Fatigue

Fatigue

Mel “I’d be fine with the burning, if I just wasn’t so tired”

Neurologist “Well, if you think about how many peripheral nerves you have and how many of yours are inflamed, it’s no wonder you’re tired”

Mel “oh… yeah I guess that makes sense”

Fatigue, much like pain, is complex, multifactorial and very individual.  For me, it was probably the most debilitating aspect of my illness, and I couldn’t even describe it.

Broadly, fatigue may be physical – you just ran a marathon; or mental – you’ve been doing math problems all day or had an emotional upheaval. Or it may be a combination of both.

Factors that contribute to fatigue:

  • Chronic inflammation/chronic immune activation
    • There has been interesting research in the last few years on the cellular effects of chronic inflammatory processes.
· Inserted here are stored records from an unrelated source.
Lemma radius_lipschitz a a' : radius a <= radius a' + dist a a'.
Proof.
  apply radius_le. intros r Hr HG.
  assert (Hd := dist_nonneg a a'). assert (Hpos := radius_pos a').
  destruct (Rle_or_lt r (dist a a')); [lra|].
  assert (r - dist a a' <= radius a') by (apply radius_ge; [lra | now apply G_shift]).
  lra.
Qed.

Lemma radius_half_admissible a : exists r, G a r /\ radius a / 2 < r.
Proof.
  apply NNPP. intro Hnone.
  assert (Hhalf : radius a <= radius a / 2).
  { apply radius_le. intros r _ HG. apply Rnot_lt_le. intro Hlt. apply Hnone. now exists r. }
  assert (Hpos := radius_pos a). lra.
Qed.

End AdmissibleRadius.

Lemma cont_map_pos_modulus (phi : pt -> pt) (theta : pt -> R) :
  cont_map phi -> pos_cont theta ->
  exists rho, pos_cont rho /\
    forall u v, dist u v < rho u -> dist (phi u) (phi v) < theta (phi u).
Proof.
  intros Hphi [Htpos Htcont].
  set (G := fun a r => forall b b', dist a b < r -> dist a b' < r ->
                         dist (phi b) (phi b') < theta (phi b)).
  assert (G_exists : forall a, exists r, 0 < r /\ G a r).
  { intros a. assert (Ht := Htpos (phi a)).
    destruct (Htcont (phi a) (theta (phi a) / 2)) as [eta [Heta Hnear]]; [lra|].
    destruct (Hphi a (Rmin eta (theta (phi a) / 4))) as [r [Hr Hball]].
    { apply Rmin_pos; lra. }
    exists r. split; [easy|]. intros b b' Hb Hb'.
    assert (H1 := Hball b Hb). assert (H2 := Hball b' Hb').
    assert (H3 := Rmin_l eta (theta (phi a) / 4)). assert (H4 := Rmin_r eta (theta (phi a) / 4)).
    assert (H5 := Hnear (phi b) ltac:(lra)). apply Rabs_def2 in H5.
    assert (H6 := dist_triangle (phi b) (phi a) (phi b')).
    rewrite (dist_sym (phi b) (phi a)) in H6. lra. }
  assert (G_shrink : forall a r r', G a r -> 0 < r' <= r -> G a r').
  { intros a r r' HG Hr b b' Hb Hb'. apply HG; lra. }
  assert (G_shift : forall a a' r, G a r -> dist a a' < r -> G a' (r - dist a a')).
  { intros a a' r HG Hd b b' Hb Hb'.
    assert (H1 := dist_triangle a a' b). assert (H2 := dist_triangle a a' b').
    apply HG; lra. }
  exists (fun a => / 2 * radius G G_exists G_shrink a). split.
  - apply pos_cont_scale_lipschitz; [lra | apply radius_pos | apply radius_lipschitz; auto].
  - intros u v Huv. destruct (radius_half_admissible G G_exists G_shrink u) as [r [HG Hr]].
    apply HG; [rewrite dist_refl; assert (H := radius_pos G G_exists G_shrink u); lra | lra].
Qed.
Probably future treatment targets (but who knows when?).
  • Pain
  • Lack of sleep
    • I have noted a couple of vicious cycles in chronic illness and this is one of them. You’re exhausted, but can’t sleep, then everything bugs you more so it keeps you awake. And the cycle continues.
  • Anxiety
  • Medications

Specifically, in neurological conditions:

  • Having to concentrate constantly on actions that used to be automatic (i.e. where you put your feet, are you actually sitting on the chair or did you miss?)
  • Constant processing of abnormal sensory information
    • I hadn’t thought of this until my OT said it – this may be a contributing factor to sensory overload (if you phone me when I’m in a shopping centre, I just can’t – there’s too much happening).
  • Autonomic dysfunction

Managing fatigue

  • If possible – treat the underlying illness
  • Pain management
  • Optimising sleep (this is a whole post on its own)
  • Medications timing, e.g. taking medications that cause drowsiness at night, or if you get a “hangover” from medication, moving it a couple of hours before bed time
  • Exercise
    • A cruel irony of chronic illness – exercise has been shown to help with fatigue in many chronic conditions. Not helpful when your limbs feel like lead.
    • I put this in the “be gentle, and just do what you can” basket. There will be days you feel up to going for a walk.  There will be other days where the mental effort to overcome the “limbs are lead” messaging is too much.
    • There will also be a trial and error process to find which exercise suits you now – I used to do a lot of high intensity PT, but it’s not for me anymore.
    • Tai chi, yoga and hydrotherapy have been trialled in multiple sclerosis (MS) and traumatic brain injuries.
  • Decompression breaks
    • Something my OT taught me, to deal with the sensory overload aspect.  It involves, every couple of hours, sitting in a quiet, dark room for 10 minutes.
  • Prioritising
    • At the end of the day, you’re probably going to have to prioritise activities.
    • The first time someone called me a workaholic, I was so shocked. I was shocked when someone called me a perfectionist too.  They were probably right though.  Having to admit that I was sick and tired, and having to make choices around work/life/health balance was a very difficult lesson.
    • I rearranged my work schedule, learnt to say no, and admittedly cancelled on many social events.
    • In the literature, they call this “energy conservation treatment”
  • Caffeine – not point denying it, I try to keep it in moderation.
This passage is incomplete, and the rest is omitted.